Region: Northern Midcontinent|
Upper Mississippian--Province Summary
This Upper Mississippian Play information is from the
U. S. Geological Survey
1995 National Assessment of United States Oil and Gas Resources (available
on CD-ROM from the U.S.G.S. as Digital Data Series DDS-30, Release 2).
Upper Mississippian Stratigraphic Gas and Oil Play
by Mitchell E. Henry and Timothy C. Hester
Like the Lower Mississippian Stratigraphic Gas and Oil Play, this play
extends throughout the province except in the extreme southern,
southwestern, and northeastern parts where Mississippian age strata are
missing. The strata in this play consists of the St. Louis Formation
and all Mississippian Chester Group rocks, except those strata included
in Deep Stratigraphic Gas Play. Depths range from about 4,000 ft on the
northeastern shelf to 13,000 ft at the southern play boundary (the upper
depth limit of the Deep Stratigraphic Gas Play). Some individual units
in the included strata appear to be absent along the eastern and
northeastern part of the play, probably due to subareal erosion and
ultimate truncation along the Nemaha and Central Kansas Uplifts, and the
Pratt Anticline. The stratigraphic units included in this were selected
largely on the basis of the distribution of major accumulations and on
lithology. The major accumulations in this play generally occur in the
central and north-central parts of the basin, away from significant
influence of major province-bounding uplifts. The play is viewed as
principally stratigraphic but with some local structural influence. The
distribution of major accumulations and a carbonate lithology are the
principal defining features of this play.

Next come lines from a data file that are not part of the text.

Lemma foldl_row_blocks m : m <= n ->
  foldl swap_adj (iota 0 n) (flatten [seq row_block p k | k <- iota 0 m]) = row_state m.
Proof.
elim: m => [|m IHm] hm.
  rewrite /row_state /= take0 (@eq_in_filter _ _ predT) ?filter_predT // => v _.
  by rewrite /unplaced take0.
rewrite -addn1 iotaD map_cat flatten_cat foldl_cat IHm 1?ltnW //= cats0 add0n addn1.
exact: foldl_row_block.
Qed.

Lemma row_state_n : row_state n = p.
Proof.
rewrite /row_state take_oversize ?is_perm_size // (@eq_in_filter _ _ pred0) ?filter_pred0 ?cats0 //.
by move=> v; rewrite mem_iota /unplaced take_oversize ?is_perm_size // is_perm_mem /= => ->.
Qed.

Lemma is_word_row_blocks_iota m len : m + len <= n ->
  is_word n (flatten [seq row_block p k | k <- iota m len]).
Proof. by move=> h; apply: is_word_row_blocks; apply/allP => k; rewrite mem_iota; lia. Qed.

Lemma size_row_state m : m <= n -> size (row_state m) = n.
Proof.
move=> hm; rewrite -foldl_row_blocks // size_foldl_swap_adj size_iota //.
exact: is_word_row_blocks_iota.
Qed.

Lemma foldl_row_blocks_from m : m <= n ->
  foldl swap_adj (row_state m) (flatten [seq row_block p k | k <- iota m (n - m)]) = p.
Proof.
move=> hm; rewrite -foldl_row_blocks // -foldl_cat -flatten_cat -map_cat -iotaD subnKC //.
by rewrite foldl_row_blocks // row_state_n.
Qed.

Lemma uniq_row_state m : m <= n -> uniq (row_state m).
Proof.
move=> hm; rewrite -foldl_row_blocks // (perm_uniq (perm_foldl_swap_adj _)) ?iota_uniq //.
by rewrite size_iota; apply: is_word_row_blocks_iota.
Qed.

Lemma foldl_delete_row_block m e : m < n -> e < code p m ->
  foldl swap_adj (row_state m) (delete_at e (row_block p m)) =
  map (swap_val (nth 0 p m) (nth 0 (unplaced_below m) (code p m - e - 1))) (row_state m.+1).
Proof.
move=> hm he; have := uniq_row_state hm.
rewrite (row_state_split hm) (row_state_next hm) /row_block delete_at_desc //.
set A := take m p; set q := unplaced_below m; set x := nth 0 p m.
have size_A : size A = m by rewrite size_takel // is_perm_size ltnW.
have size_q : size q = code p m := size_unplaced_below hm.
set y := nth 0 q (code p m - e - 1).
have -> : q = take (code p m - e - 1) q ++ y :: drop (code p m - e) q.
  rewrite -{1}(cat_take_drop (code p m - e - 1) q) (drop_nth 0) ?size_q; last by lia.
  by rewrite (_ : (code p m - e - 1).+1 = code p m - e) //; lia.
set q1 := take _ q; set q2 := drop _ q => u.
have size_q1 : size q1 = code p m - e - 1 by rewrite size_takel //; lia.
have size_q2 : size q2 = e by rewrite size_drop; lia.
move: u; rewrite -!catA /= => u; rewrite map_swap_val_uniq //.
rewrite (_ : m + code p m - e = (size A + size q1).+1); last by lia.
by rewrite -[X in desc X (code p m - e - 1)]size_A -size_q1 -size_q2 foldl_swap_adj_exchange.
Qed.

Lemma word_perm_delete_row_word I : I < size (row_word p) ->
  exists m e, [/\ m < n, e < code p m,
    I = size (flatten [seq row_block p k | k <- iota 0 m]) + e &
    word_perm n (delete_at I (row_word p)) =
      map (swap_val (nth 0 p m) (nth 0 (unplaced_below m) (code p m - e - 1))) p].
Proof.
rewrite row_wordE // => /delete_at_flatten [m [e []]]; rewrite size_map size_iota => hm.
rewrite -map_take -map_drop take_iota drop_iota (minn_idPl (ltnW hm)).
rewrite (nth_map 0) ?size_iota // nth_iota // /row_block size_desc => he hI hdel.
exists m, e; split=> //.
rewrite word_permE hdel 2!foldl_cat foldl_row_blocks 1?ltnW // foldl_delete_row_block //.
rewrite foldl_swap_adj_map ?foldl_row_blocks_from ?size_row_state //; try lia.
by apply: is_word_row_blocks_iota; lia.
Qed.

End RowWord.

(** * A Bruhat cover *)

Definition transp (i j k : nat) : nat := if k == j then i else if k == i then j else k.

Lemma transpK i j : involutive (transp i j).
Proof. by move=> k; rewrite /transp; do !case: eqP => //=; congruence. Qed.

Lemma nth_swap_pos_transp s i j k : nth 0 (swap_pos s i j) k = nth 0 s (transp i j k).
Proof. by rewrite nth_swap_pos /transp; case: eqP => // _; case: eqP. Qed.

Lemma is_perm_swap_pos n s i j : is_perm n s -> i < n -> j < n -> is_perm n (swap_pos s i j).
Proof.
move=> hs hi hj; have size_s := is_perm_size hs.
have size_w : size (swap_pos s i j) = n by rewrite size_swap_pos size_s.
have transp_lt k : k < n -> transp i j k < n by rewrite /transp; do !case: eqP => // _.
apply: uniq_perm (iota_uniq 0 n) _.
  apply/(uniqP 0) => k l; rewrite !inE size_w => hk hl.
  rewrite !nth_swap_pos_transp => /eqP.
  rewrite nth_uniq ?size_s ?transp_lt ?(is_perm_uniq hs) //.
  by move/eqP/(congr1 (transp i j)); rewrite !transpK.
move=> x; rewrite mem_iota /=; apply/idP/idP.
  case/(nthP 0) => k hk <-; rewrite nth_swap_pos_transp -(is_perm_mem hs) mem_nth //.
  by rewrite size_s transp_lt // -size_w.
rewrite -(is_perm_mem hs) => /(nthP 0) [k hk <-]; rewrite -(transpK i j k) -nth_swap_pos_transp.
by apply: mem_nth; rewrite size_w transp_lt // -size_s.
Qed.

Section Cover.

Variables (n : nat) (w' : seq nat) (i j : nat).
Hypothesis hp : is_perm n w'.
Hypothesis hij : i < j.
Hypothesis hjn : j < n.
Hypothesis hlt : nth 0 w' i < nth 0 w' j.
Hypothesis hcov : forall k, i < k < j -> ~ (nth 0 w' i < nth 0 w' k < nth 0 w' j).

Local Notation w := (swap_pos w' i j).
Local Notation A := (nth 0 w' i).
Local Notation B := (nth 0 w' j).

Lemma is_perm_w : is_perm n w.
Proof. by apply: is_perm_swap_pos => //; lia. Qed.

Lemma size_w : size w = n.
Proof. exact: is_perm_size is_perm_w. Qed.

Lemma nth_w_i : nth 0 w i = B.
Proof. by rewrite nth_swap_pos (ltn_eqF hij) eqxx. Qed.

Lemma nth_w_j : nth 0 w j = A.
Proof. by rewrite nth_swap_pos eqxx. Qed.

Lemma nth_w_other k : k <> i -> k <> j -> nth 0 w k = nth 0 w' k.
Proof. by move=> /eqP/negbTE hki /eqP/negbTE hkj; rewrite nth_swap_pos hki hkj. Qed.

Lemma count_w_w' (P : pred nat) a b : (forall l, a <= l < a + b -> l <> i /\ l <> j) ->
  count (fun l => P (nth 0 w l)) (iota a b) = count (fun l => P (nth 0 w' l)) (iota a b).
Proof.
by move=> h; apply: eq_in_count => l; rewrite mem_iota => /h [hli hlj]; rewrite nth_w_other.
Qed.

Lemma nth_w'_neq k : k < n -> k <> i -> k <> j -> nth 0 w' k <> A /\ nth 0 w' k <> B.
Proof. by move=> hk /eqP hki /eqP hkj; split; apply/eqP; rewrite (is_perm_nth_eq hp) //; lia. Qed.

Lemma nth_w'_between k : i < k < j -> nth 0 w' k < A \/ B < nth 0 w' k.
Proof. by move=> hk; have [] := nth_w'_neq (k := k) _ _ _; have := hcov hk; lia. Qed.

Lemma code_w_other k : k < n -> k <> i -> k <> j -> code w k = code w' k.
Proof.
move=> hk hki hkj; rewrite /code size_w (is_perm_size hp) nth_w_other //.
set x := nth 0 w' k.
case: (ltnP j k) => hjk; first by apply: (count_w_w' (fun y => y < x)) => l; lia.
rewrite (@iota_cut k.+1 j n) ?count_cat /= ?nth_w_j; last lia.
rewrite (count_w_w' (fun y => y < x) (a := j.+1)); last by move=> l; lia.
case: (ltnP i k) => hik.
  rewrite (count_w_w' (fun y => y < x) (a := k.+1)); last by move=> l; lia.
  by have := nth_w'_between (k := k) ltac:(lia); lia.
rewrite (@iota_cut k.+1 i j) ?count_cat /= ?nth_w_i; last lia.
rewrite (count_w_w' (fun y => y < x) (a := k.+1)); last by move=> l; lia.
by rewrite (count_w_w' (fun y => y < x) (a := i.+1)); [lia | move=> l; lia].
Qed.

Let d := count (fun l => A < nth 0 w' l < B) (iota j.+1 (n - j.+1)).

Lemma count_lt_B_after_j : count (fun l => nth 0 w' l < B) (iota j.+1 (n - j.+1)) =
  count (fun l => nth 0 w' l < A) (iota j.+1 (n - j.+1)) + d.
Proof.
rewrite /d -count_predUI (@eq_in_count _ (predI _ _) pred0) ?count_pred0 ?addn0; last first.
  by move=> l _ /=; case: ltngtP.
apply: eq_in_count => l; rewrite mem_iota => hl /=.
by have [] := nth_w'_neq (k := l) _ _ _; lia.
Qed.

Lemma code_w'_j : code w' j = code w j + d.
Proof.
rewrite /code size_w (is_perm_size hp) nth_w_j count_lt_B_after_j.
by rewrite (count_w_w' (fun y => y < A)) // => l; lia.
Qed.

Lemma code_w_i : code w i = code w' i + 1 + d.
Proof.
rewrite /code size_w (is_perm_size hp) nth_w_i.
rewrite (@iota_cut i.+1 j n) ?count_cat /= ?nth_w_j; last lia.
rewrite (count_w_w' (fun y => y < B) (a := i.+1)); last by move=> l; lia.
rewrite (count_w_w' (fun y => y < B) (a := j.+1)); last by move=> l; lia.
rewrite count_lt_B_after_j hlt (leq_gtF (ltnW hlt)) /=.
have -> : count (fun l => nth 0 w' l < B) (iota i.+1 (j - i.+1)) =
          count (fun l => nth 0 w' l < A) (iota i.+1 (j - i.+1)).
  apply: eq_in_count => l; rewrite mem_iota => hl.
  by have := nth_w'_between (k := l) ltac:(lia); lia.
lia.
Qed.

Let below_A k := count (fun l => nth 0 w' l < A) (iota k (n - k)).

Lemma below_AS k : k < n -> below_A k = (nth 0 w' k < A) + below_A k.+1.
Proof. by move=> hk; rewrite /below_A -(subnSK hk). Qed.

Lemma below_A_i : below_A i.+1 = code w' i.
Proof. by rewrite /below_A /code (is_perm_size hp). Qed.

Lemma below_A_j : below_A j = code w j.
Proof.
rewrite below_AS // (leq_gtF (ltnW hlt)) /= /code size_w nth_w_j.
by rewrite (count_w_w' (fun y => y < A)) // => l; lia.
Qed.

Lemma code_lt_below_A k : i < k < j -> nth 0 w' k < A -> code w' k < below_A k.
Proof.
move=> hk hA; rewrite below_AS ?hA; last lia.
rewrite /code (is_perm_size hp) add1n ltnS; apply: sub_count => l /= hl.
exact: ltn_trans hl hA.
Qed.

Lemma below_A_lt_code k : i < k < j -> B < nth 0 w' k -> below_A k.+1 + d < code w' k.
Proof.
move=> hk hB; rewrite /below_A /code (is_perm_size hp).
rewrite (@iota_cut k.+1 j n) ?count_cat /=; last lia.
rewrite hB (leq_gtF (ltnW hlt)) /=.
have below_k : count (fun l => nth 0 w' l < A) (iota k.+1 (j - k.+1)) <=
               count (fun l => nth 0 w' l < nth 0 w' k) (iota k.+1 (j - k.+1)).
  by apply: sub_count => l /= hl; apply: ltn_trans hl (ltn_trans hlt hB).
have after_j : count (fun l => nth 0 w' l < B) (iota j.+1 (n - j.+1)) <=
               count (fun l => nth 0 w' l < nth 0 w' k) (iota j.+1 (n - j.+1)).
  by apply: sub_count => l /= hl; apply: ltn_trans hl hB.
by rewrite count_lt_B_after_j in after_j; lia.
Qed.

Let c := i + code w' i.
Let e := j + code w j.
Let mid := desc_runs (code w') i (j - i).
Let sum_mid := \sum_(i <= k < j) code w' k.

Lemma move_seq_letter_past_mid m : m < d ->
  exists ks, [/\ move_seq ((c + m.+1) :: mid) ks (mid ++ [:: e + m]),
    c + 1 + n_braids ks = e & n_comms ks + 2 * n_braids ks = sum_mid].
Proof.
move=> hm.
have skip_i : c + m.+1 = c + m.+1 /\ (i + code w' i < c + m.+1 \/ c + m.+1 + 2 <= i).
  by split=> //; left; rewrite /c; lia.
have [ks0 [h0 b0 c0]] := move_seq_past_desc (or_introl skip_i).
(* The letter [c + m.+1] enters the row block of position [k] as [f k]. *)
pose f k := k + below_A k + m.
have [k hk|ks1 [h1 b1 c1]] := @move_seq_past_desc_runs (code w') f i.+1 (j - i.+1).
  have hk' : i < k < j by lia.
  have hAk : below_A k = (nth 0 w' k < A) + below_A k.+1 by apply: below_AS; lia.
  rewrite /f; case: (nth_w'_between hk') => h.
    by have := code_lt_below_A hk' h; rewrite h in hAk; left; lia.
  have := below_A_lt_code hk' h; rewrite (leq_gtF (ltnW (ltn_trans hlt h))) in hAk.
  by right; lia.
have f_first : f i.+1 = c + m.+1 by rewrite /f below_A_i /c; lia.
have f_last : f (i.+1 + (j - i.+1)) = e + m by rewrite subnKC // /f below_A_j.
rewrite f_first f_last in h1 b1.
exists (ks0 ++ ks1); split.
- rewrite /mid -(subnSK hij) desc_runs_cons.
  apply: move_seq_cat (move_seq_catr _ h0) _.
  by have := move_seq_catl (desc i (code w' i)) h1; rewrite -!catA.
- by rewrite n_braids_cat; lia.
- by rewrite subnKC // in c1; rewrite /sum_mid big_ltn // n_braids_cat n_comms_cat; lia.
Qed.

Reservoirs rocks consist of the St. Louis Formation and the Chester
Group. Lithologies are almost exclusively limestone on the shelf areas,
although Chester Group rocks become increasingly shaly to the southeast,
and sandstones become more common in the deep basin. Chester Group
rocks range in thickness from erosional truncation in the northeastern
and southwestern parts of the province to 1,000 ft in the southern part
of the province at the boundary of Deep Stratigraphic Gas Play. The
upper surface of rocks in the Chesterian Series has undergone extensive
weathering and erosion in much of the play (Northcutt and Parham, 1993),
and in those areas reservoir quality is expected to be good. In deeper
parts of the play and in lower parts of the section, reservoir quality
is expected to be more variable and poorer overall. Oil and gas
production is generally concentrated in areas of the unconformity
surfaces--a band trending east-west across the central part of the
province. This pattern of reservoir development, although resulting
predominately from uplift and subareal erosion, shows little dependence
on proximity to the major structural features that bound the province.
Stratigraphic trapping mechanisms dominate in this play, with only local
Rice and others (1989) identified interbedded shales as the most likely
source for central basin gas accumulations found in Upper Mississippian
sandstone reservoirs. Organic carbon content (TOC) of shales of the
Upper Mississippian Springer Formation ranges from 0.5 to 3.4 percent.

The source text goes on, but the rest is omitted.